##### Data for the task
(* Let $q\ge4$ be even, let $\alpha,\beta\in\mathbb{F}_{q^2}$ with $\alpha\neq0$, $\beta\notin\mathbb{F}_q$ and $\alpha^{q+1}/(\beta^q+\beta)^2$ of absolute trace $0$, and let $R=(0,\delta,1)$. Then (1) $\mathrm{pedal}(R)$ consists exactly of the points $Q_x=(x,\,\alpha x^2+\alpha^q x^{2q}+\delta^q,\,1)$ with $x\in\mathbb{F}_{q^2}$ satisfying $1+\alpha x^2+\alpha^q x^{2q}+(\beta+\beta^q)x^{q+1}=0$; (2) the points of $\mathrm{pedal}(R)$ are contained in the lines of the Baer pencil joining the vertex $U_\infty=(1,0,0)$ to the Baer subline $\{E_{s+\delta^q}=(0,s+\delta^q,1): s\in\mathbb{F}_q\}\cup\{(0,1,0)\}$.
   Context: Points of $\mathrm{PG}(2,q^2)$ have homogeneous coordinates $(x,y,z)$. $\delta\in\mathbb{F}_{q^2}\setminus\mathbb{F}_q$ satisfies $\delta^q=1+\delta$ and $\delta^2=v+\delta$ with $v\in\mathbb{F}_q$, $v\ne1$, of absolute trace $T(v)=v+v^2+\dots+v^{2^{h-1}}=1$ where $q=2^h$. $\mathcal U_{\alpha\beta}=\{(x,\alpha x^2+\beta x^{q+1}+r,1): x\in\mathbb{F}_{q^2}, r\in\mathbb{F}_q\}\cup\{(0,1,0)\}$, which under the hypotheses is a (non-classical) unital: a set of $q^3+1$ points meeting every line in $1$ or $q+1$ points. For a point $P$ not on the unital, $\mathrm{pedal}(P)$ is the set of points of contact of the $q+1$ tangent lines (lines meeting the unital in exactly one point) through $P$. A Baer pencil is the set of $q+1$ lines joining a vertex point to the $q+1$ points of a Baer subline (a set of points of a line projectively equivalent to $\mathrm{PG}(1,q)$). *)

From HB Require Import structures.
From mathcomp Require Import all_boot all_order all_algebra all_field.
Set Implicit Arguments. Unset Strict Implicit. Unset Printing Implicit Defensive.
Import GRing.Theory.
Local Open Scope ring_scope.

Section PG2.
Variable F : fieldType.

(* homogeneous coordinate vectors (x, y, z) *)
Definition pt := (F * F * F)%type.
Definition mkpt (x y z : F) : pt := (x, y, z).
Definition px (p : pt) := p.1.1.
Definition py (p : pt) := p.1.2.
Definition pz (p : pt) := p.2.

Definition nonzero_pt (p : pt) : Prop := p <> mkpt 0 0 0.

Definition scale_pt (k : F) (p : pt) : pt := mkpt (k * px p) (k * py p) (k * pz p).

(* p and p' represent the same projective point (p assumed nonzero when used) *)
Definition proj_eq (p p' : pt) : Prop := exists2 k : F, k != 0 & p' = scale_pt k p.

(* lines are given by nonzero coefficient vectors [a,b,c]: a x + b y + c z = 0 *)
Definition on_line (l p : pt) : Prop :=
  px l * px p + py l * py p + pz l * pz p = 0.

Definition det3 (a b c : pt) : F :=
  px a * (py b * pz c - pz b * py c)
  - py a * (px b * pz c - pz b * px c)
  + pz a * (px b * py c - py b * px c).

Definition collinear (a b c : pt) : Prop := det3 a b c = 0.

(* x lies in the subfield F_q (as subfield of F_{q^2}) *)
Definition inFq (q : nat) (x : F) : Prop := x ^+ q = x.

(* absolute trace of an element of F_q, q = 2^h *)
Definition abs_trace (h : nat) (x : F) : F := \sum_(i < h) x ^+ (2 ^ i).

Definition Uab (q : nat) (alpha beta : F) (p : pt) : Prop :=
  (exists x r : F, inFq q r /\
     proj_eq (mkpt x (alpha * x ^+ 2 + beta * x ^+ (q.+1) + r) 1) p)
  \/ proj_eq (mkpt 0 1 0) p.

(* l is a tangent line to the point set U with contact point T:
   l meets U in exactly one (projective) point, namely T *)
Definition tangent_at (U : pt -> Prop) (l T : pt) : Prop :=
  nonzero_pt l /\ U T /\ on_line l T /\
  (forall P, nonzero_pt P -> U P -> on_line l P -> proj_eq T P).

Definition pedal (U : pt -> Prop) (R T : pt) : Prop :=
  exists l, tangent_at U l T /\ on_line l R.

End PG2.

(* Write Tr z = z + z^q and N x = x^(q+1).  Then
   Q x = Tr (alpha x^2) + Tr beta * N x  is an F_q-valued quadratic form on F_{q^2},
   and the trace condition on alpha^(q+1) / (beta + beta^q)^2 makes Q
   anisotropic: a nonzero isotropic vector u would give w = alpha u / (Tr beta u^q)
   with Tr w = 1, hence abs_trace (N w) = abs_trace (w^2 + w) = w^q + w = 1.
   The line x = 0 through R = (0, delta, 1) meets the unital in (0,0,1) and (0,1,0),
   so every tangent through R is [a, 1, delta], whose affine point (x, a x + delta, 1)
   is on the unital iff Tr (a x) + Q x + 1 = 0.  Around a root x0 the other roots are
   x0 + s with Q s + Tr ((Tr beta x0^q + a) s) = 0; rescaling s by an element of F_q
   shows, by anisotropy, that x0 is the only root iff the linear term vanishes,
   i.e. a = Tr beta x0^q, and then Q x0 = 1.  The contact point is then
   (x0, Tr (alpha x0^2) + delta^q, 1), on the line joining U_oo to (0, s + delta^q, 1)
   with s = Tr (alpha x0^2) in F_q. *)

From HB Require Import structures.
From mathcomp Require Import all_boot all_order all_algebra all_field.
From mathcomp Require Import ring.
Set Implicit Arguments.
Unset Strict Implicit.
Unset Printing Implicit Defensive.
Import GRing.Theory.
Local Open Scope ring_scope.

Section Projective.
Variable F : fieldType.
Implicit Types (P l : pt F) (x y k : F).

Lemma proj_eq_refl P : proj_eq P P.
Proof.
by exists 1; rewrite ?oner_neq0 // /scale_pt /mkpt !mul1r; case: P => [[]].
Qed.

Lemma proj_eq_sym P P' : proj_eq P P' -> proj_eq P' P.
Proof.
case=> k k0 ->; exists k^-1; rewrite ?invr_neq0 //.
by rewrite /scale_pt /mkpt /px /py /pz /= !mulrA mulVf // !mul1r; case: P => [[]].
Qed.

Lemma proj_eq_trans P P' P'' : proj_eq P P' -> proj_eq P' P'' -> proj_eq P P''.
Proof.
case=> k k0 -> [k' k'0 ->]; exists (k' * k); first by rewrite mulf_neq0.
by rewrite /scale_pt /mkpt /px /py /pz /= !mulrA.
Qed.

Lemma on_line_proj_eq l P P' : proj_eq P P' -> on_line l P -> on_line l P'.
Proof.
case=> k _ ->; rewrite /on_line /scale_pt /px /py /pz /= => Pl.
by rewrite -[RHS](mulr0 k) -Pl; ring.
Qed.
##########
### To do
As listed above, the lines from the line with "Definition mkpt (x" to the line with "anisotropic: a nonzero" are to be echoed exactly, with both ends included and nothing added.

### Task response
Definition mkpt (x y z : F) : pt := (x, y, z).
Definition px (p : pt) := p.1.1.
Definition py (p : pt) := p.1.2.
Definition pz (p : pt) := p.2.

Definition nonzero_pt (p : pt) : Prop := p <> mkpt 0 0 0.

Definition scale_pt (k : F) (p : pt) : pt := mkpt (k * px p) (k * py p) (k * pz p).

(* p and p' represent the same projective point (p assumed nonzero when used) *)
Definition proj_eq (p p' : pt) : Prop := exists2 k : F, k != 0 & p' = scale_pt k p.

(* lines are given by nonzero coefficient vectors [a,b,c]: a x + b y + c z = 0 *)
Definition on_line (l p : pt) : Prop :=
  px l * px p + py l * py p + pz l * pz p = 0.

Definition det3 (a b c : pt) : F :=
  px a * (py b * pz c - pz b * py c)
  - py a * (px b * pz c - pz b * px c)
  + pz a * (px b * py c - py b * px c).

Definition collinear (a b c : pt) : Prop := det3 a b c = 0.

(* x lies in the subfield F_q (as subfield of F_{q^2}) *)
Definition inFq (q : nat) (x : F) : Prop := x ^+ q = x.

(* absolute trace of an element of F_q, q = 2^h *)
Definition abs_trace (h : nat) (x : F) : F := \sum_(i < h) x ^+ (2 ^ i).

Definition Uab (q : nat) (alpha beta : F) (p : pt) : Prop :=
  (exists x r : F, inFq q r /\
     proj_eq (mkpt x (alpha * x ^+ 2 + beta * x ^+ (q.+1) + r) 1) p)
  \/ proj_eq (mkpt 0 1 0) p.

(* l is a tangent line to the point set U with contact point T:
   l meets U in exactly one (projective) point, namely T *)
Definition tangent_at (U : pt -> Prop) (l T : pt) : Prop :=
  nonzero_pt l /\ U T /\ on_line l T /\
  (forall P, nonzero_pt P -> U P -> on_line l P -> proj_eq T P).

Definition pedal (U : pt -> Prop) (R T : pt) : Prop :=
  exists l, tangent_at U l T /\ on_line l R.

End PG2.

(* Write Tr z = z + z^q and N x = x^(q+1).  Then
   Q x = Tr (alpha x^2) + Tr beta * N x  is an F_q-valued quadratic form on F_{q^2},
   and the trace condition on alpha^(q+1) / (beta + beta^q)^2 makes Q
   anisotropic: a nonzero isotropic vector u would give w = alpha u / (Tr beta u^q)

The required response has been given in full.